(Stored items)

(* Let $K$ be a field of characteristic zero, and let $N_K$ be the number of roots of unity in $K$. Let $F,G\in K[X]$ satisfy $\deg(F)=d>1$ and $F^k=G^k$ for some $k\in\mathbb{N}$. Then $F^n=G^n$ for some $n$ with $1\le n\le N_K$.
   Context: $F^n$ denotes the $n$-th iterate of $F$ under composition; $\mathbb{N}$ is the set of positive integers. *)

From HB Require Import structures.
From mathcomp Require Import all_boot all_order all_algebra.
Set Implicit Arguments. Unset Strict Implicit. Unset Printing Implicit Defensive.
Import GRing.Theory.
Local Open Scope ring_scope.

Definition poly_iter (K : fieldType) (F : {poly K}) (n : nat) : {poly K} :=
  iter n (fun p => F \Po p) 'X.

Definition root_of_unity (K : fieldType) (x : K) : Prop :=
  exists m : nat, (0 < m)%N /\ x ^+ m = 1.

Definition num_roots_of_unity (K : fieldType) (N : nat) : Prop :=
  exists s : seq K, [/\ uniq s, size s = N &
                        forall x : K, x \in s <-> root_of_unity x].

From HB Require Import structures.
From mathcomp Require Import all_boot all_order all_algebra.
From mathcomp Require Import zify ring.
Import GRing.Theory.
Local Open Scope ring_scope.

Set Implicit Arguments. Unset Strict Implicit. Unset Printing Implicit Defensive.

(* Since lead (F o p) = lead F * (lead p)^d, the leading coefficient of the n-th
   iterate is (lead F)^(s_n), s_n = 1 + d + ... + d^(n-1).  Writing
   lead G = z * lead F, the hypothesis gives z^(s_k) = 1, so the order r of z
   divides s_k = 1 (mod d) and is coprime to d; pigeonholing s_0, ..., s_r
   modulo r yields 1 <= n <= r with r | s_n, and r <= N_K because z has r
   distinct powers.  Now F^n and G^n have equal degree and leading coefficient
   and both commute with H = F^k = G^k.  If R = F^n - G^n were nonzero, of
   degree e < m = deg F^n, then R o H = H o F^n - H o G^n would have degree
   e * deg H on the left but e + m * (deg H - 1) on the right, the top
   coefficient there being deg H * lead H * (lead F^n)^(deg H - 1) * lead R,
   nonzero in characteristic zero. *)

Section TopCoefficient.
Variable R : comNzRingType.
Implicit Types (p q H P Q : {poly R}) (c u v : R).

Definition top_coef p (n : nat) c := (size p <= n.+1)%N /\ p`_n = c.

Lemma top_coef0 p n : (size p <= n)%N -> top_coef p n 0.
Proof. by move=> sp; split; [exact: leqW | exact: nth_default]. Qed.

Lemma top_coef_lead p n : size p = n.+1 -> top_coef p n (lead_coef p).
Proof. by move=> sp; split; rewrite ?sp // /lead_coef sp. Qed.

Lemma top_coef_size p n : top_coef p n 0 -> (size p <= n)%N.
Proof.
case=> sp pn0; rewrite leq_eqVlt in sp; case/orP: sp => [/eqP sp|] //.
have /eqP : lead_coef p = 0 by rewrite lead_coefE sp.
by rewrite lead_coef_eq0 => /eqP p0; rewrite p0 size_poly0 in sp.
Qed.

Lemma top_coefD p q n u v :
  top_coef p n u -> top_coef q n v -> top_coef (p + q) n (u + v).
Proof.
move=> [sp pn] [sq qn]; split; last by rewrite coefD pn qn.
by apply: leq_trans (size_polyD _ _) _; rewrite geq_max sp sq.
Qed.

Lemma top_coefN p n u : top_coef p n u -> top_coef (- p) n (- u).
Proof. by case=> sp pn; split; rewrite ?size_polyN ?coefN ?pn. Qed.

Lemma top_coefB p q n u v :
  top_coef p n u -> top_coef q n v -> top_coef (p - q) n (u - v).
Proof. by move=> hp /top_coefN; apply: top_coefD. Qed.

Lemma top_coefZ p n c u : top_coef p n u -> top_coef (c *: p) n (c * u).
Proof.
case=> sp pn; split; last by rewrite coefZ pn.
exact: leq_trans (size_scale_leq _ _) sp.
Qed.

Lemma top_coefM p q m n u v :
  top_coef p m u -> top_coef q n v -> top_coef (p * q) (m + n) (u * v).
Proof.
move=> [sp pm] [sq qn]; split.
  by apply: leq_trans (size_polyMleq _ _) _; lia.
rewrite coefM (bigD1 (Ordinal (leq_addr n m : (m < (m + n).+1)%N))) //=.
rewrite addKn pm qn big1 ?addr0 // => -[j ltj] /= neq_jm.
have {}neq_jm : j != m by apply: contraNneq neq_jm => eq_jm; apply/eqP/val_inj.
case: (ltngtP j m) neq_jm => // [lt_jm | lt_mj] _.
  by rewrite [q`__]nth_default ?mulr0 //; apply: leq_trans sq _; lia.
by rewrite [p`__]nth_default ?mul0r //; apply: leq_trans sp lt_mj.
Qed.

Lemma top_coefX p m c n : top_coef p m c -> top_coef (p ^+ n) (m * n) (c ^+ n).
Proof.
move=> hp; elim: n => [|n IHn]; first by rewrite muln0; split; rewrite ?size_poly1 ?coef1.
by rewrite !exprS mulnS; apply: top_coefM.
Qed.

Lemma top_coef_subrXX p q m e c r i :
  top_coef p m c -> top_coef q m c -> top_coef (p - q) e r ->
  top_coef (p ^+ i.+1 - q ^+ i.+1) (e + m * i) (i.+1%:R * c ^+ i * r).
Proof.
move=> hp hq hpq; elim: i => [|i IHi].
  by rewrite !expr1 muln0 addn0 expr0 mulr1 mul1r.
have -> : p ^+ i.+2 - q ^+ i.+2 = p * (p ^+ i.+1 - q ^+ i.+1) + (p - q) * q ^+ i.+1.
  by rewrite !exprS; ring.
have := top_coefM hpq (top_coefX i.+1 hq); rewrite mulnS addnCA => hpq_q.
have := top_coefD (top_coefM hp IHi) hpq_q.
by rewrite -!natr1 !exprS; congr top_coef; ring.
Qed.

Lemma top_coef_comp_subr H P Q m e c r D :
  size H = D.+2 -> (e < m)%N ->
  top_coef P m c -> top_coef Q m c -> top_coef (P - Q) e r ->
  top_coef ((H \Po P) - (H \Po Q)) (e + m * D) (lead_coef H * (D.+1%:R * c ^+ D * r)).
Proof.
move=> sH lt_em hP hQ hPQ.
rewrite !comp_polyE lead_coefE sH -sumrB big_ord_recr /= -scalerBr.
rewrite -[H`_D.+1 * _]add0r; apply: top_coefD; last first.
  exact: top_coefZ _ (top_coef_subrXX _ hP hQ hPQ).
apply/top_coef0/(leq_trans (size_sum _ _ _))/bigmax_leqP => -[[|i] lt_iD] _ /=.
  by rewrite !expr0 subrr size_poly0.
rewrite -scalerBr (leq_trans (size_scale_leq _ _)) //.
have [size_PQ _] := top_coef_subrXX i hP hQ hPQ; apply: leq_trans size_PQ _; nia.
Qed.

End TopCoefficient.

Lemma eq_poly_comp_comm (R : idomainType) (H P Q : {poly R}) :
  [pchar R] =i pred0 -> (2 < size H)%N ->
  size P = size Q -> lead_coef P = lead_coef Q ->
  P \Po H = H \Po P -> Q \Po H = H \Po Q -> P = Q.
Proof.
move=> char0 gt2_H eq_sPQ eq_lPQ comm_P comm_Q.
apply/eqP; rewrite -subr_eq0; apply: contraT => nz_PQ.
case sP: (size P) => [|m].
  have /eqP P0 : P == 0 by rewrite -size_poly_eq0 sP.
  have /eqP Q0 : Q == 0 by rewrite -size_poly_eq0 -eq_sPQ sP.
  by move: nz_PQ; rewrite P0 Q0 subrr eqxx.
set c := lead_coef P.
have hP : top_coef P m c := top_coef_lead sP.
have hQ : top_coef Q m c by rewrite /c eq_lPQ; apply: top_coef_lead; rewrite -eq_sPQ.
have [e sPQ] : exists e, size (P - Q) = e.+1.
  by exists (size (P - Q)).-1; rewrite prednK // lt0n size_poly_eq0.
have lt_em : (e < m)%N.
  by rewrite -ltnS -sPQ; apply: top_coef_size; rewrite -(subrr c); apply: top_coefB.
case sH: (size H) gt2_H => [|[|D]] // gt2_H; have {gt2_H} gt0_D : (0 < D)%N by [].
have nz_top : lead_coef H * (D.+1%:R * c ^+ D * lead_coef (P - Q)) != 0.
  rewrite !mulf_neq0 ?expf_neq0 ?lead_coef_eq0 //.
  - by rewrite -size_poly_eq0 sH.
  - by have /pcharf0P -> := char0.
  - by rewrite -size_poly_eq0 sP.
have := top_coef_comp_subr sH lt_em hP hQ (top_coef_lead sPQ).
rewrite -comm_P -comm_Q -comp_polyB => -[_]; rewrite nth_default => [/esym/eqP|].
  by rewrite (negbTE nz_top).
apply: leq_trans (size_comp_poly_leq _ _) _; rewrite sPQ sH /=; nia.
Qed.

Definition geom_sum (d n : nat) : nat := (\sum_(i < n) d ^ i)%N.

Lemma geom_sumS d n : geom_sum d n.+1 = (d * geom_sum d n).+1.
Proof.
by rewrite /geom_sum big_ord_recl expn0 big_distrr /=; under eq_bigr do rewrite expnS.
Qed.

Lemma geom_sum_gt0 d n : (0 < n)%N -> (0 < geom_sum d n)%N.
Proof. by case: n => // n _; rewrite geom_sumS. Qed.

Lemma geom_sumD d m n : geom_sum d (m + n) = (geom_sum d m + d ^ m * geom_sum d n)%N.
Proof.
rewrite /geom_sum big_split_ord big_distrr /=.
by congr addn; apply: eq_bigr => i _; rewrite expnD.
Qed.

Lemma coprime_dvd_geom_sum r d n : (0 < n)%N -> (r %| geom_sum d n)%N -> coprime r d.
Proof.
case: n => // n _ /coprime_dvdl; apply.
by rewrite geom_sumS -coprime_modl -addn1 mulnC modnMDl coprime_modl coprime1n.
Qed.

(* Pigeonhole on the residues of geom_sum d 0, ..., geom_sum d r modulo r. *)
Lemma exists_dvd_geom_sum r d : (0 < r)%N -> coprime r d ->
  exists2 n, (0 < n <= r)%N & (r %| geom_sum d n)%N.
Proof.
move=> gt0_r co_rd.
pose res (i : 'I_r.+1) : 'I_r := Ordinal (ltn_pmod (geom_sum d i) gt0_r).
have [/injectiveP inj_res | ] := boolP (injectiveb res).
  by have := leq_card res inj_res; rewrite !card_ord ltnn.
move/injectivePn => [i [j neq_ij eq_res]].
wlog lt_ij : i j neq_ij eq_res / (i < j)%N.
  move=> IH; case: (ltngtP i j) => [lt_ij | lt_ji | eq_ij].
  - exact: IH neq_ij eq_res lt_ij.
  - by apply: IH lt_ji; rewrite // eq_sym.
  - by rewrite (val_inj eq_ij) eqxx in neq_ij.
exists (j - i)%N; first by have := ltn_ord j; lia.
move: (congr1 val eq_res) => /= /eqP.
move: (j - i)%N (subnKC (ltnW lt_ij)) => t <-.
rewrite geom_sumD -{1}[geom_sum d i]addn0 eqn_modDl mod0n eq_sym => dvd_r.
by rewrite -(Gauss_dvdr _ (coprimeXr i co_rd)).
Qed.

Section PolyIter.
Variable K : fieldType.
Implicit Types F : {poly K}.

Lemma poly_iterS F n : poly_iter F n.+1 = F \Po poly_iter F n.
Proof. by []. Qed.

Lemma comp_poly_iter F m n : poly_iter F m \Po poly_iter F n = poly_iter F (m + n).
Proof.
elim: m => [|m IHm]; first exact: comp_polyX.
by rewrite addSn !poly_iterS -comp_polyA IHm.
Qed.

Lemma comp_poly_iterC F m n :
  poly_iter F m \Po poly_iter F n = poly_iter F n \Po poly_iter F m.
Proof. by rewrite !comp_poly_iter addnC. Qed.

Lemma size_poly_iter F n : (size (poly_iter F n)).-1 = ((size F).-1 ^ n)%N.
Proof.
elim: n => [|n IHn]; first by rewrite size_polyX.
by rewrite poly_iterS size_comp_poly IHn expnS.
Qed.

Lemma size_poly_iter_nonconst F n :
  (1 < size F)%N -> size (poly_iter F n) = ((size F).-1 ^ n).+1.
Proof.
by move=> gt1_F; have := size_poly_iter F n; have := expn_gt0 (size F).-1 n; lia.
Qed.

Lemma lead_coef_poly_iter F n : (1 < size F)%N ->
  lead_coef (poly_iter F n) = lead_coef F ^+ geom_sum (size F).-1 n.
Proof.
move=> gt1_F; elim: n => [|n IHn]; first by rewrite lead_coefX /geom_sum big_ord0.
have gt1_iter : (1 < size (poly_iter F n))%N.
  by rewrite size_poly_iter_nonconst // ltnS expn_gt0; apply/orP; left; lia.
by rewrite poly_iterS lead_coef_comp // IHn geom_sumS exprS -exprM mulnC.
Qed.

End PolyIter.

Lemma prim_order_le_num_roots_of_unity (K : fieldType) (z : K) r N :
  r.-primitive_root z -> num_roots_of_unity K N -> (r <= N)%N.
Proof.
move=> prim_z [s [uniq_s <- mem_s]].
rewrite -(size_iota 0 r) -(size_map (fun i => z ^+ i)); apply: uniq_leq_size.
  rewrite map_inj_in_uniq ?iota_uniq // => i j; rewrite !mem_iota !add0n => lt_ir lt_jr.
  by move/eqP; rewrite (eq_prim_root_expr prim_z) !modn_small // => /eqP.
move=> _ /mapP[i _ ->]; apply/mem_s; exists r; split; first exact: prim_order_gt0 prim_z.
by rewrite exprAC (prim_expr_order prim_z) expr1n.
Qed.

Unset Implicit Arguments.

Theorem corollary6p4 (K : fieldType) (F G : {poly K}) (k : nat) :
  [pchar K] =i pred0 ->
  (2 < size F)%N ->
  (0 < k)%N ->
  poly_iter F k = poly_iter G k ->
  exists n : nat,
    [/\ (1 <= n)%N,
        (forall N : nat, num_roots_of_unity K N -> (n <= N)%N) &
        poly_iter F n = poly_iter G n].
Proof.
move=> char0 gt2_F gt0_k eq_k; set d := (size F).-1.
have deg_G : (size G).-1 = d.
  by apply/eqP; rewrite -(eqn_exp2r _ _ gt0_k) -size_poly_iter -eq_k size_poly_iter.
have gt1_F : (1 < size F)%N by lia.
have gt1_G : (1 < size G)%N by rewrite /d in deg_G; lia.
have nz_F : lead_coef F != 0 by rewrite lead_coef_eq0 -size_poly_eq0; lia.
set z := lead_coef G / lead_coef F.
have lead_iterG n :
    lead_coef (poly_iter G n) = z ^+ geom_sum d n * lead_coef (poly_iter F n).
  by rewrite !lead_coef_poly_iter // deg_G -exprMn divfK.
have z_k : z ^+ geom_sum d k = 1.
  apply: (mulIf (x := lead_coef (poly_iter F k))); last by rewrite -lead_iterG eq_k mul1r.
  by rewrite lead_coef_eq0 -size_poly_eq0 size_poly_iter_nonconst.
have [r prim_z dvd_r] := prim_order_exists (geom_sum_gt0 _ gt0_k) z_k.
have [n /andP[gt0_n le_nr] dvd_rn] :=
  exists_dvd_geom_sum (prim_order_gt0 prim_z) (coprime_dvd_geom_sum gt0_k dvd_r).
exists n; split => //.
  by move=> N /(prim_order_le_num_roots_of_unity prim_z); apply: leq_trans.
apply: (@eq_poly_comp_comm _ (poly_iter F k)) => //.
- rewrite size_poly_iter_nonconst // ltnS -/d.
  by rewrite (leq_trans _ (leq_pexp2l _ gt0_k)) ?expn1 //; rewrite /d; lia.
- by rewrite !size_poly_iter_nonconst // deg_G.
- by rewrite lead_iterG -(prim_expr_mod prim_z) (eqP dvd_rn) mul1r.
- exact: comp_poly_iterC.
- by rewrite eq_k comp_poly_iterC.
Qed.
(* Consider the local time-stepping Adams–Bashforth scheme of order $k$ described in the context, and suppose that for each set $s$ the right-hand side splits as $\mathbf{D}^s(\mathbf{y}^1,\ldots,\mathbf{y}^S)=\mathbf{V}^s(\mathbf{y}^s)+\mathbf{B}^s(\mathbf{y}^1,\ldots,\mathbf{y}^S)$, where $\mathbf{V}^s$ depends only on $\mathbf{y}^s$. Then for every set $s$ and step index $m$ (large enough that all indices exist), $$\mathbf{y}^s_{m+1}-\mathbf{y}^s_m=\Delta t^s_m\sum_{j=0}^{k-1}\alpha^s_{mj}\,\mathbf{V}^s(\mathbf{y}^s_{m-j})+\sum_{n=n^s(m)}^{n^s(m+1)-1}\ \sum_{q^1=m^1(n)-(k-1)}^{m^1(n)}\cdots\sum_{q^S=m^S(n)-(k-1)}^{m^S(n)}\beta_{n;q^1\cdots q^S}\,\mathbf{B}^s(\mathbf{y}^1_{q^1},\ldots,\mathbf{y}^S_{q^S}),$$ where $\Delta t^s_m=t^s_{m+1}-t^s_m$ and $\alpha^s_{mj}=\frac{1}{\Delta t^s_m}\int_{t^s_m}^{t^s_{m+1}}\ell_j(t;t^s_m,t^s_{m-1},\ldots,t^s_{m-(k-1)})\,dt$ are the standard (variable-step) Adams–Bashforth coefficients for the evaluation times of set $s$. That is, the volume part is advanced by the standard global Adams–Bashforth rule on set $s$'s own times, and only the coupling terms use the local time-stepping coefficients.
   Context: We solve an autonomous system $\frac{d\mathbf{y}}{dt}=\mathbf{D}(\mathbf{y})$, $\mathbf{y}\in\mathbb{R}^N$. The components of $\mathbf{y}$ are partitioned into $S$ sets, $\mathbf{y}=(\mathbf{y}^1,\ldots,\mathbf{y}^S)$, and $\mathbf{D}^s$ denotes the components of $\mathbf{D}$ belonging to set $s$. Set $s$ is evaluated at strictly increasing times $t^s_0<t^s_1<\cdots$, and $\mathbf{y}^s_q$ denotes the numerical value of $\mathbf{y}^s$ at time $t^s_q$. Let $\tilde t_0<\tilde t_1<\cdots$ be the increasing enumeration of the union of all evaluation times of all sets, $\Delta\tilde t_n=\tilde t_{n+1}-\tilde t_n$. For each $s,n$ let $m^s(n)$ be the index with $t^s_{m^s(n)}\le\tilde t_n<t^s_{m^s(n)+1}$, and let $n^s(m)$ be defined by $\tilde t_{n^s(m)}=t^s_m$. Lagrange polynomials: $\ell_j(t;\tau_0,\ldots,\tau_{k-1})=\prod_{i\ne j}\frac{t-\tau_i}{\tau_j-\tau_i}$. Adams–Bashforth coefficients for the merged sequence: $\tilde\alpha_{ni}=\frac{1}{\Delta\tilde t_n}\int_{\tilde t_n}^{\tilde t_{n+1}}\ell_i(t;\tilde t_n,\ldots,\tilde t_{n-(k-1)})\,dt$. Define $\beta_{n;q^1\cdots q^S}=\Delta\tilde t_n\sum_{i=0}^{k-1}\tilde\alpha_{ni}\prod_{s=1}^S\ell_{m^s(n)-q^s}\big(\tilde t_{n-i};t^s_{m^s(n)},\ldots,t^s_{m^s(n)-(k-1)}\big)$. The scheme updates set $s$ from $t^s_m$ to $t^s_{m+1}$ by $\mathbf{y}^s_{m+1}=\mathbf{y}^s_m+\sum_{n=n^s(m)}^{n^s(m+1)-1}\sum_{q^1=m^1(n)-(k-1)}^{m^1(n)}\cdots\sum_{q^S=m^S(n)-(k-1)}^{m^S(n)}\beta_{n;q^1\cdots q^S}\,\mathbf{D}^s(\mathbf{y}^1_{q^1},\ldots,\mathbf{y}^S_{q^S})$. *)

From HB Require Import structures.
From mathcomp Require Import all_boot all_order all_algebra.
From mathcomp Require Import all_classical all_reals all_analysis.
Set Implicit Arguments. Unset Strict Implicit. Unset Printing Implicit Defensive.
Import Order.TTheory GRing.Theory Num.Theory.
Import numFieldNormedType.Exports.
Local Open Scope classical_set_scope.
Local Open Scope ring_scope.
Lemma exp_sum_bound n e d E : 1 <= n -> E <= n -> - E <= e <= 0 ->
  0 <= d - (1 - / (2 * (n + 1))) <= / (3 * (n + 1) ^ 2) ->
  Rabs (exp ((n + e + d) / ((n + 1) * (n + 2))) + exp (- ((n + e) / (n * (n + 1))))
        - (2 - / (2 * n ^ 3)))
  <= (13 + (1 + E) ^ 2) / n ^ 4.
Proof.
intros Hn HE He Hd.
pose proof (main_term_bound n e d E Hn He Hd) as Hmain; cbv zeta in Hmain.
set (v := (n + e) / (n * (n + 1))) in *.
set (u := (n + e + d) / ((n + 1) * (n + 2))) in *.
set (X := / n).
assert (HX : 0 < X <= 1)
  by (split; [apply Rinv_0_lt_compat | rewrite <- Rinv_1; apply Rinv_le_contravar]; lra).
pose proof (near_one_bounds n d Hn Hd) as Hd1.
assert (Hv : 0 <= v <= X).
{ split; [unfold v; apply Rdiv_le_0_compat; nra |].
  enough (0 <= X - v) by lra.
  replace (X - v) with ((1 - e) / (n * (n + 1))) by (unfold X, v; field; lra).
  apply Rdiv_le_0_compat; nra. }
assert (Hu : 0 <= u <= X).
{ split; [unfold u; apply Rdiv_le_0_compat; nra |].
  enough (0 <= X - u) by lra.
  replace (X - u) with (((n + 1) * (n + 2) - n * (n + e + d)) / (n * (n + 1) * (n + 2)))
    by (unfold X, u; field; lra).
  apply Rdiv_le_0_compat; nra. }
assert (Hdiff : Rabs (u - v) <= 2 * X ^ 2).
{ assert (Hnum : Rabs (n * d - 2 * (n + e)) <= 2 * n) by (apply Rabs_le; split; nra).
  replace (u - v) with ((n * d - 2 * (n + e)) / (n * (n + 1) * (n + 2)))
    by (unfold u, v; field; lra).
  unfold Rdiv; rewrite Rabs_mult, Rabs_inv, (Rabs_pos_eq (n * (n + 1) * (n + 2))) by nra.
  apply Rle_trans with (2 * n * / (n * (n + 1) * (n + 2))).
  - apply Rmult_le_compat_r; [apply Rlt_le, Rinv_0_lt_compat; nra | exact Hnum].
  - enough (0 <= 2 * X ^ 2 - 2 * n * / (n * (n + 1) * (n + 2))) by lra.
    replace (2 * X ^ 2 - 2 * n * / (n * (n + 1) * (n + 2)))
      with (2 * (3 * n + 2) / (n ^ 2 * (n + 1) * (n + 2))) by (unfold X; field; lra).
    apply Rdiv_le_0_compat; nra. }
pose proof (exp_add_exp_opp_approx X u v ltac:(lra) Hu Hv Hdiff) as Htaylor.
replace (exp u + exp (- v) - (2 - / (2 * n ^ 3)))
  with ((exp u + exp (- v) - (2 + v ^ 2 + (u - v) * (1 + v)))
        + (v ^ 2 + (u - v) * (1 + v) + / (2 * n ^ 3))) by ring.
eapply Rle_trans; [apply Rabs_triang |].
replace ((13 + (1 + E) ^ 2) / n ^ 4) with (9 * X ^ 4 + (4 + (1 + E) ^ 2) / n ^ 4)
  by (unfold X; field; lra).
lra.
Qed.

## TASK DESCRIPTION
Wherever a line in the data above holds the word "Hnum", copy that line.

## RESULT BELOW
{ assert (Hnum : Rabs (n * d - 2 * (n + e)) <= 2 * n) by (apply Rabs_le; split; nra).
  - apply Rmult_le_compat_r; [apply Rlt_le, Rinv_0_lt_compat; nra | exact Hnum].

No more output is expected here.